**WHAT TO DO**: If a line in the records below holds the word "Lemma", copy it.

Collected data
- - -
Lemma Phi_restr (B : 'M[R]_n) c : restr U B - c%:M \in unitmx ->
  Phi U B c = \tr (invmx (restr U B - c%:M)).
Proof.
by move=> unitBc; rewrite /Phi pinv_shiftS // mxtrace_mulC mulmxA orthoU mul1mx.
Qed.

Lemma frobdot_LB (B : 'M[R]_n) l dL (v : 'cV[R]_n) :
  let W := invmx (restr U B - (l + dL)%:M) in let u := U *m v in
  restr U B - (l + dL)%:M \in unitmx ->
  frobdot (LB U B l dL) (v *m v^T) =
  (Phi U B (l + dL) - Phi U B l)^-1 * (u^T *m W *m W *m u) 0 0
  - (u^T *m W *m u) 0 0.
Proof.
move=> W u unitB'; rewrite frobdot_outer /LB pinv_shiftS // -/W.
set c := _^-1; suff -> : v^T *m (c *: (U^T *m W *m U *m (U^T *m W *m U))
    - U^T *m W *m U) *m v = c *: (u^T *m W *m W *m u) - u^T *m W *m u.
  by rewrite !mxE.
rewrite mulmxBr mulmxBl -scalemxAr -scalemxAl /u trmx_mul !mulmxA.
by rewrite -(mulmxA _ U U^T) orthoU mulmx1.
Qed.

End Compression.

Lemma barrier_gain_bound (R : realFieldType) (t q1 q2 D : R) :
  0 < t -> 0 <= q1 -> 0 <= q2 -> 1 / t <= D^-1 * q2 - q1 ->
  0 < q2 /\ D <= t * q2 / (1 + t * q1).
Proof.
move=> t_gt0 q1_ge0 q2_ge0; rewrite lerBrDr => hD.
have lhs_gt0 : 0 < 1 / t + q1 by rewrite ltr_wpDr // divr_gt0.
have Dq2_gt0 : 0 < D^-1 * q2 := lt_le_trans lhs_gt0 hD.
have q2_gt0 : 0 < q2.
  rewrite lt_def q2_ge0 andbT.
  by apply: contraTneq Dq2_gt0 => ->; rewrite mulr0 ltxx.
have D_gt0 : 0 < D by rewrite -invr_gt0 -(pmulr_lgt0 _ q2_gt0).
split=> //; rewrite ler_pdivlMr; last by rewrite ltr_wpDr // mulr_ge0 // ltW.
have -> : D * (1 + t * q1) = t * D * (1 / t + q1) by field; rewrite gt_eqF.
have -> : t * q2 = t * D * (D^-1 * q2) by field; rewrite gt_eqF.
exact: ler_wpM2l (mulr_ge0 (ltW t_gt0) (ltW D_gt0)) _ _ hD.
Qed.

Lemma rank1_barrier_step (R : rcfType) k (M : 'M[R]_k) (u : 'cV[R]_k) l l' t :
  M^T = M -> l < l' -> l' < lambda_min M -> 0 < t ->
  let W := invmx (M - l'%:M) in
  1 / t <= (\tr W - \tr (invmx (M - l%:M)))^-1 * (u^T *m W *m W *m u) 0 0
           - (u^T *m W *m u) 0 0 ->
  \tr (invmx (M + t *: (u *m u^T) - l'%:M)) <= \tr (invmx (M - l%:M)) /\
  l' < lambda_min (M + t *: (u *m u^T)).
Proof.
move=> symM lt_l lt_lmin t_gt0 W hW.
have symM' : (M - l'%:M)^T = M - l'%:M by rewrite linearB /= symM tr_scalar_mx.
have symW : W^T = W by rewrite trmx_inv symM'.
have posM' : posdefmx (M - l'%:M) by exact: posdefmx_of_lambda_min_gt.
have posM : posdefmx (M - l%:M).
  exact: posdefmx_of_lambda_min_gt (lt_trans lt_l lt_lmin).
have q1_ge0 := posdefmx_inv_quad_ge0 u symM' posM'.
have [q2_gt0 gain] :=
  barrier_gain_bound t_gt0 q1_ge0 (sym_quad_sqr_ge0 u symW) hW.
have posN : posdefmx (M + t *: (u *m u^T) - l'%:M).
  by rewrite addrAC; apply: posdefmx_add_rank1 (ltW t_gt0) posM'.
split.
  have den_neq0 : 1 + t * (u^T *m W *m u) 0 0 != 0.
    by rewrite gt_eqF // ltr_wpDr // mulr_ge0 // ltW.
  by rewrite addrAC mxtrace_invmx_add_rank1 ?posdefmx_unit // -/W; lra.
apply: lambda_min_gt_of_posdefmx posN.
  by rewrite linearD linearZ /= symM trmx_mul trmxK.
apply: (@mx_neq0_rows_gt0 _ _ 1 u); apply: contraTneq q2_gt0 => ->.
by rewrite mulmx0 mxE ltxx.
Qed.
- - -
**ANSWER BELOW**:
Lemma Phi_restr (B : 'M[R]_n) c : restr U B - c%:M \in unitmx ->
Lemma frobdot_LB (B : 'M[R]_n) l dL (v : 'cV[R]_n) :
Lemma barrier_gain_bound (R : realFieldType) (t q1 q2 D : R) :
Lemma rank1_barrier_step (R : rcfType) k (M : 'M[R]_k) (u : 'cV[R]_k) l l' t :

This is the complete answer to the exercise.